Mycoplasma genitalium (MG) infection is an emerging sexually transmitted infection (STI). In women, it has been epidemiologically associated with cervicitis, pelvic inflammatory disease, and infertility1,2; however, most infections are asymptomatic.3 Routine MG screening is not currently recommended4 because of a lack of consistent evidence of reproductive sequelae from asymptomatic infection. Most MG prevalence estimates have come from nonpregnant populations; reported prevalence in pregnant women from a small number of studies ranges from 1% to 17%.5–8 Limited studies evaluating the association of MG with adverse pregnancy outcomes have produced conflicting results.2 Macrolides are the only MG treatment available in the United States that can be safely used during pregnancy, and their efficacy is declining as a result of the emergence of strains containing macrolide resistance–associated gene mutations (MRMs).9
Obtaining accurate estimates of MG infection prevalence and associated MRM frequency in pregnant women is critical for building a foundation for understanding morbidity associated with MG in pregnant women as well as for guiding future MG testing and treatment considerations in pregnant women. The current study’s primary objective was to determine the prevalence of MG infection and associated MRMs among pregnant women; a secondary objective was to evaluate the association of MG with select perinatal outcomes.

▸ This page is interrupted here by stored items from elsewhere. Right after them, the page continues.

(** A Heyting semilattice: meet-semilattice (H, meet) with top and an
    implication adjoint to meet; the order is x <= y :<-> meet x y = x. *)
Record HSLat := {
  car :> Type;
  hmeet : car -> car -> car;
  htop : car;
  himp : car -> car -> car;
  hmeetA : forall x y z, hmeet x (hmeet y z) = hmeet (hmeet x y) z;
  hmeetC : forall x y, hmeet x y = hmeet y x;
  hmeetxx : forall x, hmeet x x = x;
  hmeetx1 : forall x, hmeet x htop = x;
  himpP : forall x y z,
      hmeet (hmeet x y) z = hmeet x y <-> hmeet x (himp y z) = x
}.
Arguments hmeet {h}. Arguments htop {h}. Arguments himp {h}.

Record hom (X Y : HSLat) := {
  hfun :> X -> Y;
  hom1 : hfun htop = htop;
  homM : forall x y, hfun (hmeet x y) = hmeet (hfun x) (hfun y);
  homI : forall x y, hfun (himp x y) = himp (hfun x) (hfun y)
}.

Definition prodH (X Y : HSLat) : HSLat.
Proof.
refine {| car := (X * Y)%type;
          hmeet := fun p q => (hmeet (fst p) (fst q), hmeet (snd p) (snd q));
          htop := (htop, htop);
          himp := fun p q => (himp (fst p) (fst q), himp (snd p) (snd q)) |}.
- intros [] [] []; simpl; now rewrite !hmeetA.
- intros [] []; simpl; now rewrite (@hmeetC X c), (@hmeetC Y c0).
- intros []; simpl; now rewrite !hmeetxx.
- intros []; simpl; now rewrite !hmeetx1.
- intros [x1 x2] [y1 y2] [z1 z2]; simpl; split; intro H; injection H; intros H2 H1;
    f_equal; apply himpP; assumption.
Defined.

Lemma sig_eq (A : Type) (P : A -> Prop) (x y : {a | P a}) :
  proj1_sig x = proj1_sig y -> x = y.
Proof.
destruct x, y; simpl; intros ->; f_equal; apply proof_irrelevance.
Qed.
Lemma dfp_partials (S : R) :
  let xs := xstar alpha h d theta c in
  let ys := ystar r K alpha h d theta c in
  derivable_pt_lim (fun u => dfp_x r K alpha h c S u ys) xs
    (1 - S * Gq r K alpha h d theta c) /\
  derivable_pt_lim (fun v => dfp_x r K alpha h c S xs v) ys (- S * d / theta) /\
  derivable_pt_lim (fun u => dfp_y alpha h d theta c S u ys) xs
    (S * Hq r K alpha h d theta c * theta / d) /\
  derivable_pt_lim (fun v => dfp_y alpha h d theta c S xs v) ys 1.
Proof.
  intros xs ys.
  assert (Hden : 1 + alpha * (1 - c) * h * xs <> 0).
  { pose proof xstar_pos as Hxs; fold xs in Hxs.
    assert (0 < alpha * (1 - c) * h * xs); [|lra].
    apply Rmult_lt_0_compat; [|exact Hxs].
    apply Rmult_lt_0_compat; [apply Rmult_lt_0_compat|]; lra. }
  repeat split; apply is_derive_Reals; unfold dfp_x, dfp_y;
    auto_derive; try exact Hden; try exact I;
    unfold Gq, Hq, ys, ystar; fold xs; unfold xs, xstar; field; repeat split; lra.
Qed.

Lemma dfp_jacobian (S j11 j12 j21 j22 : R) :
  is_jacobian (dfp_x r K alpha h c S) (dfp_y alpha h d theta c S)
    (xstar alpha h d theta c) (ystar r K alpha h d theta c) j11 j12 j21 j22 ->
  j11 = 1 - S * Gq r K alpha h d theta c /\ j12 = - S * d / theta /\
  j21 = S * Hq r K alpha h d theta c * theta / d /\ j22 = 1.
Proof.
  intros (J11 & J12 & J21 & J22).
  destruct (dfp_partials S) as (D11 & D12 & D21 & D22).
  repeat split; eapply uniqueness_limite; eassumption.
Qed.

End Model.

Theorem theorem3p1
  (r K alpha h d theta c m s g : R)
  (Hr : 0 < r) (HK : 0 < K) (Halpha : 0 < alpha) (Hh : 0 < h) (Hd : 0 < d)
  (Htheta0 : 0 < theta) (Htheta1 : theta < 1)
  (Hc0 : 0 < c) (Hc1 : c < 1)
  (Hm0 : 0 < m) (Hm1 : m <= 1) (Hs : 0 < s)
  (Hg : is_Gamma m g)
  (Halpha_gt : alpha > 1 / (K * h))
  (Htheta_gt : theta > theta2 K alpha h d)
  (Hc_lo : cthr2 K alpha h d theta < c) (Hc_hi : c < cthr1 K alpha h d theta) :
  let G := Gq r K alpha h d theta c in
  let H := Hq r K alpha h d theta c in
  let S := Sstep m s g in
  let s4 := Rpower (m * g * G / H) (1 / m) in
  let s5 := Rpower (2 * m * g / G) (1 / m) in
  0 < G /\ 0 < H /\
  (s < Rmin s4 s5 ->
   forall j11 j12 j21 j22 : R,
     is_jacobian (dfp_x r K alpha h c S) (dfp_y alpha h d theta c S)
       (xstar alpha h d theta c) (ystar r K alpha h d theta c)
       j11 j12 j21 j22 ->
     forall lam : R * R, is_eigenvalue j11 j12 j21 j22 lam -> cmod lam < 1).
Proof.
  intros G H S s4 s5.
  pose proof (gamma_pos m g Hm0 Hg) as Hgp.
  assert (HD : 0 < theta - h * d) by (apply (theta_gt_hd K alpha); assumption).
  assert (HG : 0 < G) by (apply Gq_pos; assumption).
  assert (HH : 0 < H) by (apply Hq_pos; assumption).
  split; [exact HG|]; split; [exact HH|].
  intros Hsmin j11 j12 j21 j22 Hjac lam Heig.
  pose proof (Sstep_pos m s g Hm0 Hgp) as HS; fold S in HS.
  assert (HSH : S * H < G).
  { apply Sstep_bound; try assumption.
    pose proof (Rmin_l s4 s5); unfold s4 in *; lra. }
  assert (HSG : S * G < 2).
  { apply Sstep_bound; try assumption; [lra|].
    replace (m * g * 2 / G) with (2 * m * g / G) by (unfold Rdiv; ring).
    pose proof (Rmin_r s4 s5); unfold s5 in *; lra. }
  apply dfp_jacobian in Hjac as (-> & -> & -> & ->); try assumption.
  assert (HU0 : 0 < S * (S * H)) by (apply Rmult_lt_0_compat; [|apply Rmult_lt_0_compat]; lra).
  assert (HUT : S * (S * H) < S * G) by (apply Rmult_lt_compat_l; lra).
  apply (jury_criterion (1 - S * G) (- S * d / theta) (S * H * theta / d) 1 lam);
    [| | |exact Heig];
    replace (- S * d / theta * (S * H * theta / d)) with (- (S * (S * H))) by (field; lra);
    lra.
Qed.
Definition shift_hom P Q (a : forall n, Hom (P n) (Q n)) (n : nat) :
    Hom (shift_obj P n) (shift_obj Q n) :=
  match n with 0 => 0 | n'.+1 => a n' end.

Definition shift_d P (d : forall n, Hom (P n.+1) (P n)) (n : nat) :
    Hom (shift_obj P n.+1) (shift_obj P n) :=
  match n with 0 => 0 | n'.+1 => d n' end.

Definition shift X : BinComplex := BinC (shift_d (@dtop N X)) (shift_d (@dbot N X)).

Definition unshift X : BinComplex :=
  @BinC N (fun n => obj X n.+1) (fun n => dtop X n.+1) (fun n => dbot X n.+1).

Definition opp_complex X : BinComplex :=
  BinC (fun n => - dtop X n) (fun n => - dbot X n).

Definition zero_complex : BinComplex :=
  @BinC N (fun _ => zero_ob N) (fun _ => 0) (fun _ => 0).

Lemma acyclic_shift P (d : forall n, Hom (P n.+1) (P n)) :
  acyclic d -> acyclic (shift_d d).
Proof.
case=> J [e [m [de conf_me [Z [z [hZ conf_m0]]]]]].
pose e' n : Hom (shift_obj P n.+1) (shift_obj J n) :=
  match n with 0 => 0 | n'.+1 => e n' end.
exists (shift_obj J), e', (shift_hom m); split.
- by case=> [|n] /=; [rewrite comp0l | exact: de].
- case=> [|n] //=.
  apply: (conf_iso (a := idm _) (b := idm _) (c := 0) _ _ _ _ _ conf_m0).
  + exact: is_iso_id.
  + exact: is_iso_id.
  + by apply: is_iso_zero; [exact: hZ | exact: zero_ob0].
  + by rewrite comp_id_l comp_id_r.
  + by rewrite !comp0l.
- by exists (zero_ob N), 0; split; [|apply: conf_zero]; exact: zero_ob0.
Qed.

Lemma BinAcyc_le k K X : (k <= K)%N -> BinAcyc k X -> BinAcyc K X.
Proof. by move=> kK [hs ht hb]; split => // n /(leq_ltn_trans kK); apply: hs. Qed.

Lemma BinAcyc_shift k X : BinAcyc k X -> BinAcyc k.+1 (shift X).
Proof. by case=> hs ht hb; split; [case=> // n /hs | exact: acyclic_shift ..]. Qed.

Lemma BinAcyc_iter_shift i k X : BinAcyc k X -> BinAcyc (i + k) (iter i shift X).
Proof. by move=> hX; elim: i => //= i IH; apply: BinAcyc_shift. Qed.

Lemma BinAcyc_opp k X : BinAcyc k X -> BinAcyc k (opp_complex X).
Proof. by case=> hs ht hb; split => //; apply: acyclic_opp. Qed.

Lemma BinAcyc_zero_obj k X : (forall n, is_zero_obj (obj X n)) -> BinAcyc k X.
Proof. by move=> X0; split; [move=> n _; apply: X0 | apply: acyclic_zero_obj ..]. Qed.

Lemma acyclic_angle_d (A B : Ob) (a : Hom A B) : is_iso a -> acyclic (angle_d a).
Proof.
move=> a_iso.
pose J n : Ob := if n is 0 then B else zero_ob N.
pose e n : Hom (angle_obj A B n.+1) (J n) := if n is 0 then a else 0.
pose m n : Hom (J n) (angle_obj A B n) := if n is 0 then idm B else 0.
exists J, e, m; split.
- by case=> [|n] /=; rewrite ?comp_id_l ?comp0l.
- case=> [|n] /=; first by apply: conf_zero_iso a_iso; exact: zero_ob0.
  by apply: conf_zero; exact: zero_ob0.
- exists (zero_ob N), 0; split; first exact: zero_ob0.
  by apply: conf_iso_zero; [exact: is_iso_id | exact: zero_ob0].
Qed.

Lemma BinAcyc_angle k (A B : Ob) (a b : Hom A B) :
  (1 <= k)%N -> is_iso a -> is_iso b -> BinAcyc k (angle a b).
Proof.
move=> k_gt0 a_iso b_iso.
split; [|exact: acyclic_angle_d a_iso|exact: acyclic_angle_d b_iso].
by case=> [|[|n]] hn //=; [rewrite ltnNge k_gt0 in hn | exact: zero_ob0].
Qed.

Lemma diagonal_shift X : diagonal X -> diagonal (shift X).
Proof. by move=> dX [|n] //=. Qed.

Lemma diagonal_iter_shift i X : diagonal X -> diagonal (iter i shift X).
Proof. by move=> dX; elim: i => //= i; apply: diagonal_shift. Qed.

Lemma diagonal_zero_obj X : (forall n, is_zero_obj (obj X n)) -> diagonal X.
Proof. by move=> X0 n; apply: zero_obj_homR. Qed.

Definition short_exact k X Y Z : Prop :=
  [/\ BinAcyc k X, BinAcyc k Y, BinAcyc k Z &
    exists (a : forall n, Hom (obj X n) (obj Y n)) (b : forall n, Hom (obj Y n) (obj Z n)),
      [/\ is_bmorph a, is_bmorph b & forall n, conf (a n) (b n)]].

Lemma short_exact_shift k X Y Z :
  short_exact k X Y Z -> short_exact k.+1 (shift X) (shift Y) (shift Z).
Proof.
case=> hX hY hZ [a [b [ha hb conf_ab]]].
split; try exact: BinAcyc_shift.
exists (shift_hom a), (shift_hom b); split.
- by case=> [|n] //=; split; apply: zero_obj_homR; exact: zero_ob0.
- by case=> [|n] //=; split; apply: zero_obj_homR; exact: zero_ob0.
- by case=> [|n] //=; apply: conf_zero; exact: zero_ob0.
Qed.

End Complexes.
Arguments shift {N} X.

Section Cone.
Variable N : ExactCat.
Local Notation Ob := (Obj N).
Local Notation BinComplex := (BinComplex N).
Implicit Types (P Q : nat -> Ob) (X Y : BinComplex).

Definition chain_iso P Q (d : forall n, Hom (P n.+1) (P n)) (e : forall n, Hom (Q n.+1) (Q n))
    (s : forall n, Hom (P n) (Q n)) : Prop :=
  (forall n, is_iso (s n)) /\ (forall n, s n \oc d n = e n \oc s n.+1).

Definition cone_obj P Q (n : nat) : Ob := bip (Q n) (shift_obj P n).

Definition cone_d P Q (d : forall n, Hom (P n.+1) (P n)) (e : forall n, Hom (Q n.+1) (Q n))
    (s : forall n, Hom (P n) (Q n)) (n : nat) : Hom (cone_obj P Q n.+1) (cone_obj P Q n) :=
  bip_i1 _ _ \oc e n \oc bip_p1 _ _ + bip_i1 _ _ \oc s n \oc bip_p2 (Q n.+1) (P n)
  + bip_i2 _ _ \oc shift_d (fun n => - d n) n \oc bip_p2 (Q n.+1) (P n).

We performed a prospective cross-sectional study of MG infection prevalence in pregnant women at any gestational age. Inclusion criteria were pregnant (confirmed by urine pregnancy test), age ≥ 18 years, and receiving routine prenatal care at one of three OB clinics at the University of Alabama at Birmingham (UAB): a clinic providing care to underserved women at risk for pregnancy complications (OB Complications Clinic), a maternal-fetal medicine clinic (MFM Clinic) serving primarily an insured population at risk for pregnancy complications, and a primary care obstetrics clinic serving an insured low-risk population (Prime Care Clinic). Exclusion criteria were reported macrolide use within the prior one month, not English speaking, and women who only had sex with women. The study was approved by the UAB institutional Review Board (number: IRB-300005789) before beginning. All participants provided written informed consent before participation.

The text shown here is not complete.